Starting at the line that contains "rewrite det_mulmx det0" and ending at the line that contains "by have [->//|kj]", the lines below are to be given again exactly, with nothing added.
*** Given records ***
Lemma taboo_first_visit u v : taboo setT u v
  = taboo (~` [set v]) u v + taboo (~` [set v]) u v * taboo setT v v.
Proof.
rewrite (@taboo_first_exit (~` [set v])) // setTD setCK esum_set1 //.
by rewrite mule_ge0 ?pathsum_ge0.
Qed.

Lemma visits_ltS v n : [set t | (count_mem v t < n.+1)%N] `<=`
  seqs_in (~` [set v]) `|` splice [set v] (~` [set v]) [set t | (count_mem v t < n)%N].
Proof.
move=> t tv; have [|ntv] := pselect (seqs_in (~` [set v]) t); [by left|right].
have [t1 [z [t2 [et t1v /contrapT zv]]]] := first_exit ntv.
exists (z, (t1, t2)) => //; split => //; split => //=.
have t1v0 : count_mem v t1 = 0%N by apply/count_memPn/negP => /t1v /(_ erefl).
by move: tv; rewrite /= et count_cat /= zv eqxx t1v0.
Qed.

Lemma taboo_setT_le v (phi : R) : taboo (~` [set v]) v v = phi%:E -> (phi < 1)%R ->
  taboo setT v v <= (phi / (1 - phi))%:E.
Proof.
move=> Fvv phi_lt1.
have phi_ge0 : (0 <= phi)%R by rewrite -lee_fin -Fvv pathsum_ge0.
have one_sub_gt0 : (0 < 1 - phi)%R by rewrite subr_gt0.
rewrite /pathsum seqs_inT; apply: (esum_le_trunc (m := count_mem v)) => n.
rewrite setTI -/(pathsum [set t | (count_mem v t < n)%N] v v).
elim: n => [|n IH].
  by rewrite /pathsum esum1 ?lee_fin ?divr_ge0 ?phi_ge0 ?ltW // => t /=.
apply: (le_trans (le_pathsum_subset v v (@visits_ltS v n))).
have v_notin : forall z, [set v] z -> ~ (~` [set v]) z by move=> z -> /(_ erefl).
rewrite pathsum_setU; last exact: seqs_in_splice_disj.
rewrite pathsum_splice // esum_set1 ?mule_ge0 ?pathsum_ge0 // Fvv.
apply: (@le_trans _ _ (phi%:E + phi%:E * (phi / (1 - phi))%:E)).
  by rewrite leeD2l // lee_wpmul2l // lee_fin.
rewrite -EFinM -EFinD (_ : phi + _ = phi / (1 - phi))%R //.
by field; rewrite gt_eqF.
Qed.

Lemma GreenE_taboo u v : GreenE q lam u v
  = ((lam - q v v)^-1)%:E * ((u == v)%:R%:E + taboo setT u v).
Proof.
have paths : [set s | last u s = v]
    = [set s | s = [::] /\ u = v] `|` [set rcons t v | t in [set: seq S]].
  apply/seteqP; split => s /=.
    by case/lastP: s => [/= ->|t x]; [left|rewrite last_rcons => ->; right; exists t].
  by move=> [[-> ->]|[t _ <-]]; rewrite ?last_rcons.
rewrite /GreenE; under eq_esum do rewrite mulrC EFinM.
rewrite ge0_esumZl; last 2 first.
- by rewrite lee_fin invr_ge0 ltW ?lam_subq_gt0.
- by move=> *; rewrite lee_fin pathw_ge0.
rewrite paths esum_setU; last 2 first.
- by apply/seteqP; split => // s [[-> _] [[]]].
- by move=> *; rewrite lee_fin pathw_ge0.
rewrite esum_image; last by move=> a b _ _; exact: rcons_injl.
rewrite -seqs_inT; congr (_ * (_ + _)); case: eqP => [<-|uv].
  have -> : [set s : seq S | s = [::] /\ u = u] = [set [::]].
    by apply/seteqP; split => s /=; [case|move=> ->].
  by rewrite esum_set1.
by rewrite esum1 // => s [_ /uv].
Qed.

Lemma Green_eq u v : (Fstar q v v lam < 1)%R ->
  Green q lam u v = ((if u == v then 1 else Fstar q u v lam)
                     / ((lam - q v v) * (1 - Fstar q v v lam)))%R.
Proof.
move=> Fvv_lt1; set phi := Fstar q v v lam.
have Fvv : taboo (~` [set v]) v v = phi%:E.
  by rewrite /phi Fstar_taboo fineK ?taboo_fin_num.
have one_sub_gt0 : (0 < 1 - phi)%R by rewrite subr_gt0.
have a_gt0 := lam_subq_gt0 v.
have Qv_fin : taboo setT v v \is a fin_num.
  rewrite ge0_fin_numE ?pathsum_ge0 //.
  exact: le_lt_trans (taboo_setT_le Fvv Fvv_lt1) (ltry _).
have Qv_eq : fine (taboo setT v v) = (phi / (1 - phi))%R.
  move: (taboo_first_visit v v); rewrite -(fineK Qv_fin) Fvv -EFinM -EFinD.
  set Qv := fine _ => -[Qv_eq] /=; apply: (mulIf (lt0r_neq0 one_sub_gt0)).
  by rewrite divfK ?gt_eqF // mulrBr mulr1 {1}Qv_eq; ring.
rewrite /Green GreenE_taboo; case: eqP => [->|uv].
  by rewrite -(fineK Qv_fin) -EFinD -EFinM /= Qv_eq; field; rewrite !gt_eqF.
have -> : taboo setT u v = (Fstar q u v lam * (1 + phi / (1 - phi)))%:E.
  rewrite taboo_first_visit -(fineK Qv_fin) Qv_eq.
  rewrite -[taboo _ u v]fineK ?taboo_fin_num // -Fstar_taboo.
  by rewrite -EFinM -EFinD mulrDr mulr1.
by rewrite add0e -EFinM /=; field; rewrite !gt_eqF.
Qed.

End path_sums.

Section first_entrance_matrices.
Variables (F : fieldType) (N : nat).
Definition setdiag1 (H : 'M[F]_N) : 'M[F]_N :=
  \matrix_(i, j) if i == j then 1 else H i j.

Variables (K H : 'M[F]_N).
Hypothesis first_entrance :
  forall i j, H i j = K i j + \sum_(k | k != j) K i k * H k j.

Lemma mulmx_setdiag1 : K *m setdiag1 H = H.
Proof.
apply/matrixP => i j; rewrite !mxE (bigD1 j) //= !mxE eqxx mulr1 [RHS]first_entrance.
by congr (_ + _); apply: eq_bigr => k kj; rewrite !mxE (negPf kj).
Qed.

Lemma first_entrance_mx : (1%:M - K) *m setdiag1 H = diag_mx (\row_j (1 - H j j)).
Proof.
rewrite mulmxBl mul1mx mulmx_setdiag1; apply/matrixP => i j; rewrite !mxE.
by case: (eqVneq i j) => [->|ij]; rewrite ?eqxx ?mulr1n ?subrr // (negPf ij) mulr0n.
Qed.

Lemma det_setdiag1_neq0 : (forall j, H j j != 1) -> \det (setdiag1 H) != 0.
Proof.
move=> Hjj; apply/eqP => det0; have := congr1 determinant first_entrance_mx.
rewrite det_mulmx det0 mulr0 det_diag => /esym/eqP; apply/negP/prodf_neq0 => j _.
by rewrite mxE subr_eq0 eq_sym.
Qed.

End first_entrance_matrices.

Lemma det_mulmx_eq0 (F : fieldType) (N : nat) (A B : 'M[F]_N) :
  \det B != 0 -> \det (A *m B) = 0 <-> \det A = 0.
Proof.
move=> detB; rewrite det_mulmx; split => [/eqP|->]; rewrite ?mul0r //.
by rewrite mulf_eq0 (negPf detB) orbF => /eqP.
Qed.

Section catalysts.
Context {R : realType} {S : countType} (q : S -> S -> R) (lam : R).
Hypothesis qdiag_lt0 : forall u, q u u < 0.
Hypothesis qoffdiag_ge0 : forall u v, u <> v -> 0 <= q u v.
Hypothesis lam_ge0 : 0 <= lam.
Hypothesis q_conservative : forall u,
  (\esum_(v in [set v | v <> u]) (q u v)%:E)%E = (- q u u)%:E.
Variables (N : nat) (w : 'I_N -> S) (beta alpha : 'I_N -> R) (p : 'I_N -> nat -> R).
Hypothesis w_inj : injective w.
Hypothesis Fstar_wjj_lt1 : forall j, Fstar q (w j) (w j) lam < 1.

Local Notation taboo A := (pathsum q lam (seqs_in A)).

Definition Fmx : 'M[R]_N := \matrix_(i, j) Fstar q (w i) (w j) lam.
Definition Kmx : 'M[R]_N := \matrix_(i, j) tabooF q (Wminus w j) (w i) (w j) lam.

Let offW : set S := [set x | forall k, x <> w k].

Lemma Kmx_taboo i j : Kmx i j = fine (taboo offW (w i) (w j)).
Proof.
rewrite mxE tabooF_taboo //; congr (fine (pathsum _ _ (seqs_in _) _ _)).
apply/seteqP; split => x /= => [[xW xj] k|xW].
  by have [->//|kj] := eqVneq k j; move=> xk; apply: xW; exists k.
by split => [[k [_ xk]]|]; [exact: (xW k xk)|exact: (xW j)].
Qed.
*** End of Given records ***
■ Exercise response
rewrite det_mulmx det0 mulr0 det_diag => /esym/eqP; apply/negP/prodf_neq0 => j _.
by rewrite mxE subr_eq0 eq_sym.
Qed.

End first_entrance_matrices.

Lemma det_mulmx_eq0 (F : fieldType) (N : nat) (A B : 'M[F]_N) :
  \det B != 0 -> \det (A *m B) = 0 <-> \det A = 0.
Proof.
move=> detB; rewrite det_mulmx; split => [/eqP|->]; rewrite ?mul0r //.
by rewrite mulf_eq0 (negPf detB) orbF => /eqP.
Qed.

Section catalysts.
Context {R : realType} {S : countType} (q : S -> S -> R) (lam : R).
Hypothesis qdiag_lt0 : forall u, q u u < 0.
Hypothesis qoffdiag_ge0 : forall u v, u <> v -> 0 <= q u v.
Hypothesis lam_ge0 : 0 <= lam.
Hypothesis q_conservative : forall u,
  (\esum_(v in [set v | v <> u]) (q u v)%:E)%E = (- q u u)%:E.
Variables (N : nat) (w : 'I_N -> S) (beta alpha : 'I_N -> R) (p : 'I_N -> nat -> R).
Hypothesis w_inj : injective w.
Hypothesis Fstar_wjj_lt1 : forall j, Fstar q (w j) (w j) lam < 1.

Local Notation taboo A := (pathsum q lam (seqs_in A)).

Definition Fmx : 'M[R]_N := \matrix_(i, j) Fstar q (w i) (w j) lam.
Definition Kmx : 'M[R]_N := \matrix_(i, j) tabooF q (Wminus w j) (w i) (w j) lam.

Let offW : set S := [set x | forall k, x <> w k].

Lemma Kmx_taboo i j : Kmx i j = fine (taboo offW (w i) (w j)).
Proof.
rewrite mxE tabooF_taboo //; congr (fine (pathsum _ _ (seqs_in _) _ _)).
apply/seteqP; split => x /= => [[xW xj] k|xW].
  by have [->//|kj] := eqVneq k j; move=> xk; apply: xW; exists k.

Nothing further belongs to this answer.